Quick Overview
- Conagra Brands directors acquired a total of 42,500 shares on April 14, deploying approximately $609,000 as the stock traded close to its yearly bottom.
- The stock has declined 17% during 2026, pressured by shrinking sales volumes, squeezed margins, and reduced forward guidance.
- Fiscal third-quarter results disappointed with earnings per share of $0.39 versus the expected $0.40, while sales dropped 1.9% compared to last year.
- Morgan Stanley lowered its valuation target to $15 from $17 this week while maintaining an “equal weight” stance.
- Wall Street’s collective view leans toward “Reduce” with a $15.80 average price objective — 1 Buy rating, 13 Holds, and 4 Sells.
Two board members at Conagra recently demonstrated conviction by making significant stock purchases. On April 14, Director Richard H. Lenny acquired 25,000 shares at a price of $14.34 per share, totaling $358,500. Fellow Director John J. Mulligan purchased 17,500 shares at $14.31 apiece that same trading session, investing $250,425.
Together, the purchases totaled approximately $609,000 and occurred while shares traded near the 12-month floor of $14.04. Mulligan’s buy increased his stake by a remarkable 542%. Lenny’s holdings now stand at 229,340 shares with a market value approaching $3.3 million.
The context surrounding these transactions is notable. CAG began its recent slide on April 9 following a BNP Paribas downgrade from Outperform to Neutral, accompanied by a price target reduction to $16 from $19. Shares broke below $16 that very session.
The situation intensified further. On April 13, Conagra announced John Brase as its incoming CEO and president. Jefferies noted that Brase faces challenging conditions including “high leverage, ongoing inflationary pressures, and margin compression.”
Disappointing Quarterly Performance
Earlier in April, Conagra unveiled fiscal third-quarter financials that fell short of market expectations. The packaged foods company delivered earnings per share of $0.39, one cent below the analyst consensus of $0.40. Revenue reached $2.79 billion, marginally surpassing the anticipated $2.76 billion.
However, the modest revenue beat provided little relief. Sales declined 1.9% on a year-over-year basis, while EPS in the prior-year quarter stood at $0.51 — representing a significant contraction. Management also trimmed its full-year projections, citing challenging macroeconomic conditions and stubborn inflationary headwinds.
Shares have slumped 17% since the start of 2026. By comparison, the S&P 500 has advanced 4.2% during the identical timeframe.
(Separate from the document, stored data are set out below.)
(* Complexify and use the Hermitian form H(u, v) = - B(u, theta (conj v)) on g_C,
   positive definite because theta is a Cartan involution.  For Y in t, ad Y is
   H-skew (Y lies in k), so the commuting family ad t acts on m_C with imaginary
   eigenvalues, weight spaces of distinct weights are H-orthogonal, and m_C is
   spanned by t-weight vectors.  Since g is noncompact, m <> 0, and m + [m, m] is
   a sigma-stable ideal, hence all of g; comparing theta-eigenspaces gives
   k = [m, m], so k_C is spanned by brackets [u, v] of weight vectors of m_C, of
   weights beta and gamma.  A nonzero X in k_C(t, alpha) has H(X, X) <> 0, so X
   is not H-orthogonal to one of these brackets, whose weight beta + gamma must
   then be alpha. *)

From HB Require Import structures.
From mathcomp Require Import all_boot all_order all_algebra.
From mathcomp Require Import reals.
From mathcomp.real_closed Require Import complex.
From mathcomp Require Import zify.
From Stdlib Require Import Classical.
Set Implicit Arguments. Unset Strict Implicit. Unset Printing Implicit Defensive.
Import Order.TTheory GRing.Theory Num.Theory.
Local Open Scope ring_scope.

Section AdjointMatrix.
Variables (F : comNzRingType) (n : nat) (cc : 'I_n -> 'I_n -> 'I_n -> F).

Definition ad_mx (x : 'rV[F]_n) : 'M[F]_n := \matrix_(j, k) \sum_i x 0 i * cc i j k.

Fact ad_mx_is_semilinear : semilinear ad_mx.
Proof.
split=> [a x | x y]; apply/matrixP => j k; rewrite !mxE.
  by rewrite mulr_sumr; apply: eq_bigr => i _; rewrite mxE mulrA.
by rewrite -big_split; apply: eq_bigr => i _; rewrite mxE mulrDl.
Qed.

HB.instance Definition _ :=
  GRing.isSemilinear.Build F 'rV[F]_n 'M[F]_n _ ad_mx ad_mx_is_semilinear.

Lemma lbr_genE x y : lbr_gen cc x y = y *m ad_mx x.
Proof.
apply/rowP => k; rewrite !mxE exchange_big; apply: eq_bigr => j _.
by rewrite !mxE mulr_sumr; apply: eq_bigr => i _; rewrite mulrCA mulrA.
Qed.

(* Rows act on the right: [v *m ad_mx x] is the bracket [x, v] (lbr_genE), so
   [ad_derivation] is the Jacobi identity, saying that each ad y is a derivation. *)
Definition ad_derivation :=
  forall x y, ad_mx x *m ad_mx y = ad_mx (x *m ad_mx y) + ad_mx y *m ad_mx x.

Lemma ad_mx_expand x : ad_mx x = \sum_i x 0 i *: ad_mx (delta_mx 0 i).
Proof.
by rewrite {1}[x]row_sum_delta linear_sum; apply: eq_bigr => i _; rewrite linearZ.
Qed.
Wall Street Maintains Conservative Posture
Analyst community sentiment remains subdued. This Thursday, Morgan Stanley reduced its price objective on CAG to $15 from a previous $17, though the firm retained its “equal weight” designation. That revised target suggests merely 3.6% potential appreciation from Wednesday’s closing level.
Morgan Stanley’s adjustment followed similar moves from peers. JPMorgan trimmed its target from $19 to $17 in March. Both TD Cowen and Deutsche Bank moved to $14 targets. Stifel implemented a cut to $15 this week.
MarketBeat’s aggregated analyst data reveals 1 Buy recommendation, 13 Hold ratings, and 4 Sell calls, producing a $15.80 consensus price target and an overall “Reduce” classification.
CAG began Thursday’s session at $14.49. The stock’s 50-day moving average rests at $16.75 while the 200-day moving average sits at $17.38, both substantially above current trading levels.
One noteworthy metric: CAG presently offers approximately a 9% dividend yield, representing the highest yield among all S&P 500 constituents. The benchmark’s average dividend yield for paying companies is 2.3%.
Institutional stakeholders control 83.75% of outstanding shares. Several smaller investment firms have modestly expanded their positions in recent reporting periods, though the additions were limited in magnitude.